The following scatter function is defined below, but not used in this notebook. You could call it your self for some interesting visualizations

In [None]:
def scatter_thumbnails(data, images, zoom=0.12, colors=None):
    assert len(data) == len(images)

    # reduce embedding dimentions to 2
    x = PCA(n_components=2).fit_transform(data) if len(data[0]) > 2 else data

    # create a scatter plot.
    f = plt.figure(figsize=(22, 15))
    ax = plt.subplot(aspect='equal')
    sc = ax.scatter(x[:,0], x[:,1], s=4)
    _ = ax.axis('off')
    _ = ax.axis('tight')

    # add thumbnails :) Displaying thumbnails is something I have commented out. 
#     from matplotlib.offsetbox import OffsetImage, AnnotationBbox
#     for i in range(len(images)):
#         image = plt.imread(images[i])
#         im = OffsetImage(image, zoom=zoom)
#         bboxprops = dict(edgecolor=colors[i]) if colors is not None else None
#         ab = AnnotationBbox(im, x[i], xycoords='data',
#                             frameon=(bboxprops is not None),
#                             pad=0.02,
#                             bboxprops=bboxprops)
#         ax.add_artist(ab)
    return ax


- Read pre-encoded embeddings.
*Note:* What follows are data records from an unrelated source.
(* An isomorphism of the composites preserves their order and the reachability
   relation.  Number the blocks Q_1, e_1, P_1, ..., Q_n, e_n, P_n of the composite
   order 0, 1, 2, ....  If G1 = G1', the sizes |Q_k| agree on both sides and the
   blocks can be recognised from the bottom up: once the blocks below Q_k are
   known, Q_k consists of the next |Q_k| edges, the new edge e_k is the one after
   them, and P_k is the maximal run of edges above e_k that are reachable from e_k
   (planarity makes all of P_k reachable from e_k, and no new edge is reachable
   from another).  Hence the isomorphism preserves blocks and restricts to a
   bijection between the edges of G2 and G2' (the P_k together with the e_k, which
   stand for the input edges) preserving order and incidence, so it extends to an
   isomorphism.  If G2 = G2', the blocks are recognised from the top down, using
   the sizes |P_k| and the edges of Q_k that reach e_k. *)

From mathcomp Require Import all_boot zify.
Set Implicit Arguments. Unset Strict Implicit. Unset Printing Implicit Defensive.

Definition strict_total (T : eqType) (lt : rel T) : Prop :=
  [/\ irreflexive lt, transitive lt & forall x y, x != y -> lt x y || lt y x].

Section Rank.
Variables (T : finType) (lt : rel T).
Hypothesis lt_order : strict_total lt.
Variable S : pred T.

Definition rank x := #|[set s | S s & lt s x]|.

Let lt_irr : irreflexive lt. Proof. by case: lt_order. Qed.
Let lt_trans : transitive lt. Proof. by case: lt_order. Qed.
Let lt_total x y : x != y -> lt x y || lt y x. Proof. by case: lt_order => _ _; apply. Qed.

Lemma rank_mono x y : lt x y -> rank x <= rank y.
Proof.
move=> lxy; apply: subset_leq_card; apply/subsetP=> s; rewrite !inE.
by case/andP=> -> /lt_trans ->.
Qed.

Lemma rank_monoS x y : S x -> lt x y -> rank x < rank y.
Proof.
move=> Sx lxy; apply/proper_card/properP; split.
  by apply/subsetP=> s; rewrite !inE => /andP[-> /lt_trans->].
by exists x; rewrite !inE ?Sx ?lxy ?lt_irr ?andbF.
Qed.

Lemma lt_of_rank x y : rank x < rank y -> lt x y.
Proof.
move=> r; have [exy|nxy] := eqVneq x y; first by rewrite exy ltnn in r.
by case/orP: (lt_total nxy) => // /rank_mono; rewrite leqNgt r.
Qed.

Lemma ltS_rank x y : S x -> lt x y = (rank x < rank y).
Proof. by move=> Sx; apply/idP/idP => [/(rank_monoS Sx)|/lt_of_rank]. Qed.

Lemma ltS_rank_le x y : S y -> x != y -> lt x y = (rank x <= rank y).
Proof.
move=> Sy nxy; apply/idP/idP => [/rank_mono//|r].
by case/orP: (lt_total nxy) => // /(rank_monoS Sy); rewrite ltnNge r.
Qed.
Created using the [original notebook](https://www.kaggle.com/skylord/face-clustering)> 
- This encodes the first-frame face crops, using the following codeblock

```
from torchvision.transforms import ToTensor

tf_img = lambda i: ToTensor()(i).unsqueeze(0)
embeddings = lambda input: resnet(input)

list_embs = []
with torch.no_grad():
    for face in tqdm(face_files):
        t = tf_img(Image.open(face)).to(device)
        e = embeddings(t).squeeze().cpu().tolist()
        list_embs.append(e)
```


In [None]:
%%time
import pickle

embeddings = pd.read_pickle('/kaggle/input/sample-face-crop/embeddings_face_clusters.pkl')
print(embeddings.shape)
embeddings.head()

In [None]:
# Convert the embeddings to columns
colnames = list()

for idx in range(512):
    colnames.append('colname_'+str(idx))
    
colnames;
embeddings[colnames] = pd.DataFrame(embeddings['embedding'].values.tolist(), index = embeddings.index)

In [None]:
#Convert to numpy array
embed_numpy = embeddings[colnames].to_numpy()


In [None]:
%%time
# PCA first to speed it up
x = PCA(n_components=50).fit_transform(embed_numpy)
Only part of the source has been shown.